Stored data
[Start of section]
(* Ky Fan's maximum principle: for Hermitian [A], the sum [eigsum A k] of the
   [k] largest eigenvalues is the maximum of [Re tr (Z A)] over orthogonal
   projections [Z] of trace [k] (of trace at most [k] if [A] is positive
   semi-definite), attained at the spectral projection [top_proj A k].
   For a sample [Q], the projection onto the span of the rows [u_j Q], where
   the [u_j] are the top [k] eigenvectors of [M], has trace at most [k]; this
   gives [Re tr (top_proj M k * M * Q) <= eigsum (Q M Q) k].  The left-hand
   side is real-linear in [Q], so taking expectations with [E[Q] = alpha^-1 I]
   yields [eigsum M k <= alpha E[eigsum (Q M Q) k]], with equality of traces
   for [k = n].  The same principle makes [eigsum] Lipschitz in the matrix
   entries, which provides the measurability needed for the expectations. *)

From HB Require Import structures.
From mathcomp Require Import all_boot all_order all_algebra.
From mathcomp Require Import sesquilinear spectral complex.
From mathcomp Require Import all_classical all_reals.
From mathcomp Require Import measure lebesgue_measure lebesgue_integral probability.
From mathcomp Require Import topology normedtype sequences measurable_realfun.
From mathcomp Require Import ring lra.
Import Order.TTheory GRing.Theory Num.Theory.
Local Open Scope ring_scope.
Set Implicit Arguments. Unset Strict Implicit. Unset Printing Implicit Defensive.

Section TopSum.
Variable R : realDomainType.
Local Notation ge := (fun x y : R => y <= x).

Lemma weighted_sum_le_sum_take_threshold (I : eqType) (s : seq I) (d w : I -> R)
    k t :
  (k <= size s)%N -> (forall j, 0 <= w j <= 1) ->
  {in take k s, forall j, t <= d j} -> {in drop k s, forall j, d j <= t} ->
  t * \sum_(j <- s) w j <= t * k%:R ->
  \sum_(j <- s) w j * d j <= \sum_(j <- take k s) d j.
Proof.
move=> ks w01 d_take d_drop tw.
have split_s (F : I -> R) :
    \sum_(j <- s) F j = \sum_(j <- take k s) F j + \sum_(j <- drop k s) F j.
  by rewrite -big_cat cat_take_drop.
have le_take : \sum_(j <- take k s) w j * d j <=
               \sum_(j <- take k s) (d j - t + t * w j).
  rewrite big_seq [X in _ <= X]big_seq; apply: ler_sum => j /d_take tj.
  have /andP[w0 w1] := w01 j; nra.
have le_drop : \sum_(j <- drop k s) w j * d j <= \sum_(j <- drop k s) t * w j.
  rewrite big_seq [X in _ <= X]big_seq; apply: ler_sum => j /d_drop dj.
  have /andP[w0 _] := w01 j; nra.
have := lerD le_take le_drop.
rewrite -split_s !big_split /= sumrN big_const_seq count_predT size_takel //.
rewrite iter_addr_0 -!mulr_sumr.
rewrite (split_s w) mulrDr in tw; rewrite -mulr_natr; lra.
Qed.

Lemma weighted_sum_le_sum_take (I : eqType) (s : seq I) (d w : I -> R) k :
  sorted (relpre d ge) s -> (k <= size s)%N -> (forall j, 0 <= w j <= 1) ->
  \sum_(j <- s) w j = k%:R \/ \sum_(j <- s) w j <= k%:R /\ (forall j, 0 <= d j) ->
  \sum_(j <- s) w j * d j <= \sum_(j <- take k s) d j.
Proof.
move=> s_sorted ks w01 sum_w.
case: k ks sum_w => [|k] ks sum_w.
  have : \sum_(j <- s) w j == 0.
    rewrite eq_le sumr_ge0 ?andbT => [|j _]; last by case/andP: (w01 j).
    by case: sum_w => [->|[]].
  rewrite psumr_eq0 => [/allP w0|j _]; last by case/andP: (w01 j).
  rewrite take0 big_nil big_seq big1 // => j /w0 /eqP ->; exact: mul0r.
case: s s_sorted ks sum_w => // x0 s' s_sorted ks sum_w.
set s := x0 :: s' in s_sorted ks sum_w *.
have tr : transitive (relpre d ge) by move=> ? ? ? /= h1 h2; exact: le_trans h2 h1.
have nth_mono := sorted_leq_nth tr (fun j => lexx (d j)) x0 s_sorted.
apply: (@weighted_sum_le_sum_take_threshold _ _ _ _ _ (d (nth x0 s k))) => //.
- move=> j; case/(nthP x0) => i; rewrite size_takel // => ik <-.
  by rewrite nth_take //; apply: nth_mono; rewrite // inE (leq_trans ik).
- move=> j; case/(nthP x0) => i; rewrite size_drop => ik <-.
  rewrite nth_drop; apply: (nth_mono k (k.+1 + i)); rewrite ?inE //.
    by rewrite -ltn_subRL.
  exact: leq_trans (leqnSn k) (leq_addr i _).
- case: sum_w => [->//|[sw d_ge0]]; exact: ler_wpM2l.
Qed.

Definition top_indices n (d : 'I_n -> R) : seq 'I_n :=
  sort (relpre d ge) (enum 'I_n).

Definition top_sum n (d : 'I_n -> R) k : R :=
  \sum_(i < k) nth 0 (sort ge [seq d j | j <- enum 'I_n]) i.

Lemma size_top_indices n (d : 'I_n -> R) : size (top_indices d) = n.
Proof. by rewrite size_sort size_enum_ord. Qed.

Lemma top_indices_sorted n (d : 'I_n -> R) : sorted (relpre d ge) (top_indices d).
Proof. by apply: sort_sorted => i j; exact: le_total. Qed.

Lemma perm_top_indices n (d : 'I_n -> R) : perm_eq (top_indices d) (enum 'I_n).
Proof. by rewrite perm_sort. Qed.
[End of section]
EXERCISE OBJECTIVE> Only the lines from the first line of the records through the line with "Local Open Scope ring_scope." should be reproduced, exactly and with nothing added.

TASK RESPONSE>
(* Ky Fan's maximum principle: for Hermitian [A], the sum [eigsum A k] of the
   [k] largest eigenvalues is the maximum of [Re tr (Z A)] over orthogonal
   projections [Z] of trace [k] (of trace at most [k] if [A] is positive
   semi-definite), attained at the spectral projection [top_proj A k].
   For a sample [Q], the projection onto the span of the rows [u_j Q], where
   the [u_j] are the top [k] eigenvectors of [M], has trace at most [k]; this
   gives [Re tr (top_proj M k * M * Q) <= eigsum (Q M Q) k].  The left-hand
   side is real-linear in [Q], so taking expectations with [E[Q] = alpha^-1 I]
   yields [eigsum M k <= alpha E[eigsum (Q M Q) k]], with equality of traces
   for [k = n].  The same principle makes [eigsum] Lipschitz in the matrix
   entries, which provides the measurability needed for the expectations. *)

From HB Require Import structures.
From mathcomp Require Import all_boot all_order all_algebra.
From mathcomp Require Import sesquilinear spectral complex.
From mathcomp Require Import all_classical all_reals.
From mathcomp Require Import measure lebesgue_measure lebesgue_integral probability.
From mathcomp Require Import topology normedtype sequences measurable_realfun.
From mathcomp Require Import ring lra.
Import Order.TTheory GRing.Theory Num.Theory.
Local Open Scope ring_scope.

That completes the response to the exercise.